With more than 25 miles of travel already logged that night, Bossie endured multiple compliments, flash photos, and pettings before becoming a Smoky Mountain delivery employee. Thoughtfully chewing her cud, she took it all in without comment, although later that evening she would perhaps make it known that the frequent loadings and unloadings were considered pointless.

The question was bound to be asked. We were in Eagle, and would be delivering to residential areas. 

“What if…” several of us queried.

“That’s why we’ve got the shovel,” assured Bossie’s caretakers, “We’re prepared.”

When the signal was given, everyone jumped into the closest car to get to witness Smoky Mountain customers’ reactions.
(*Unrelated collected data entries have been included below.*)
Lemma npart_odd_one :
  npart m.+1 (fun A => [&& odd_before_even A, has_odd A & ~~ has_big_odd A])
  = npart m all_even.
Proof.
apply: (card_inverse (f := fun A => A :\ one) (g := fun B => one |: B)).
- move=> A; rewrite !inE => /andP [/andP [A0 /eqP sumA]].
  case/and3P=> _ /exists_inP [i iA oi] noBig.
  have oneA : one \in A by rewrite -(odd_part_one noBig iA oi).
  rewrite /is_dpart in_setD1 negb_and A0 orbT /=; apply/andP; split.
    by move: sumA; rewrite (big_setD1 one oneA) /= add1n => -[->].
  apply/forall_inP => j; rewrite in_setD1 => /andP [j1 jA].
  by apply: contra j1 => oj; rewrite (odd_part_one noBig jA oj).
- move=> B; rewrite !inE => /andP [/andP [B0 /eqP sumB] /forall_inP evB].
  have oneB : one \notin B by apply/negP => /evB.
  rewrite /is_dpart in_setU1 negb_or B0 andbT big_setU1 //= sumB add1n eqxx /=.
  apply/and3P; split.
  + apply/odd_before_evenP => i j iA jA oi ej.
    have -> : i = one by case/setU1P: iA => // /evB; rewrite oi.
    case/setU1P: jA => [jone | jB]; first by rewrite jone in ej.
    exact: even_part_gt1 B0 jB ej.
  + by apply/exists_inP; exists one; rewrite ?setU11.
  + by apply/exists_inPn => i; case/setU1P=> [-> // | /evB /negPf ->].
- move=> A; rewrite inE => /andP [_ /and3P [_ /exists_inP [i iA oi] noBig]].
  by rewrite setD1K // -(odd_part_one noBig iA oi).
- move=> B; rewrite inE => /andP [_ /forall_inP evB].
  by rewrite setU1K //; apply/negP => /evB.
Qed.

Definition pred_part (o : T) : T := Ordinal (leq_ltn_trans (leq_pred o) (ltn_ord o)).
Definition succ_part (k : T) : T := inord k.+1.

Definition lower A : {set T} :=
  if greatest [set i in A | odd i] is Some o then pred_part o |: (A :\ o) else A.
Definition raise B : {set T} :=
  if least [set j in B | ~~ odd j] is Some k then succ_part k |: (B :\ k) else B.

Lemma lowerE A o : o \in A -> odd o -> (forall i, i \in A -> odd i -> i <= o) ->
  lower A = pred_part o |: (A :\ o).
Proof.
move=> oA oo omax; rewrite /lower (greatestE (x := o)) ?inE ?oA //.
by move=> i; rewrite inE => /andP []; exact: omax.
Qed.

Lemma raiseE B k : k \in B -> ~~ odd k -> (forall j, j \in B -> ~~ odd j -> k <= j) ->
  raise B = succ_part k |: (B :\ k).
Proof.
move=> kB ek kmin; rewrite /raise (leastE (x := k)) ?inE ?kB //.
by move=> j; rewrite inE => /andP []; exact: kmin.
Qed.

Lemma odd_pred_part (o : T) : odd o -> ~~ odd (pred_part o).
Proof. by rewrite /pred_part /=; case: (nat_of_ord o). Qed.

Lemma lower_spec A : odd_before_even A -> has_big_odd A ->
  exists2 o, [/\ o \in A, odd o, 1 < o, pred_part o \notin A
              & forall i, i \in A -> odd i -> i <= o]
    & lower A = pred_part o |: (A :\ o).
Proof.
move=> /odd_before_evenP oeA /exists_inP [i0 i0A /andP [oi0 i0_gt1]].
have [|o] := exists_greatest (x0 := i0) (S := [set i in A | odd i]).
  by rewrite inE i0A.
rewrite inE => /andP [oA oo] omaxS.
have omax i : i \in A -> odd i -> i <= o by move=> iA oi; rewrite omaxS ?inE ?iA.
exists o; last exact: lowerE.
split=> //; first exact: leq_trans i0_gt1 (omax _ i0A oi0).
apply/negP => pA; have := oeA o _ oA pA oo (odd_pred_part oo).
by rewrite /pred_part /= ltnNge leq_pred.
Qed.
It was all very “Candid Camera”, but with a cow.

I rode with Smoky Mountain Vice President of Operations manager, John Ryan, who took his managerial role seriously.

“Let’s see,” he said, scanning past his windshield, “Where’s the photographer? Hmmm. Oh, there he is. Good. Now, where is the delivery vehicle…?”

“…and the cow. Where has the cow gone?”

The absurdity of that question made me laugh.

“Oh, there she is, there’s Bossie. Good. Follow that cow!” John declared, creating a phrase to be repeated for the next two hours.

In Idaho, a truck towing a trailer with a cow isn’t exactly a spectacle. But a truck pulling a cow trailer in an upscale neighborhood being followed by two more farm trucks, a delivery van, and another five or six private vehicles isn’t something that’s seen every evening. 

As the convoy circled a neighborhood park, two residents stood at an intersection, looking more than a little confused.

“Watch this,” laughed John, as he pulled over and rolled down his window.

“Excuse me,” he said, in a polite, business-like tone, “we are looking for a cow. Have you perhaps seen a cow?”

Without a word, both women pointed to their left.

“Oh, thank you,” John replied, without  further explanation, “Have a good day, ladies.”

“Follow that cow!” he said again, enjoying the situation, adding, "Can you imagine the stories circulating through the neighborhood tomorrow morning?"

The cow trailer was pulled up directly in front of the residence, closely followed by the delivery van. As Bossie contemplated unloading, delivery person Bryce stood at the ready, holding the fresh, hot food, and grinning widely.

“This isn’t your typical day at Smoky Mountain,” he quipped, which made United Dairymen of Idaho’s Karianne Fallow want to get that on video. Bryce got to say the phrase three times over, with feeling.

Bossie’s handlers led her to the unsuspecting homeowners’ entrance, joined by Clint Jackson, who carried the pizza, Smoky Mountain’s VP of Operations, Bryce the Delivery Person, a handful of dairy farm family members, United Dairymen of Idaho friends, and multiple media, all with cameras aimed and ready. 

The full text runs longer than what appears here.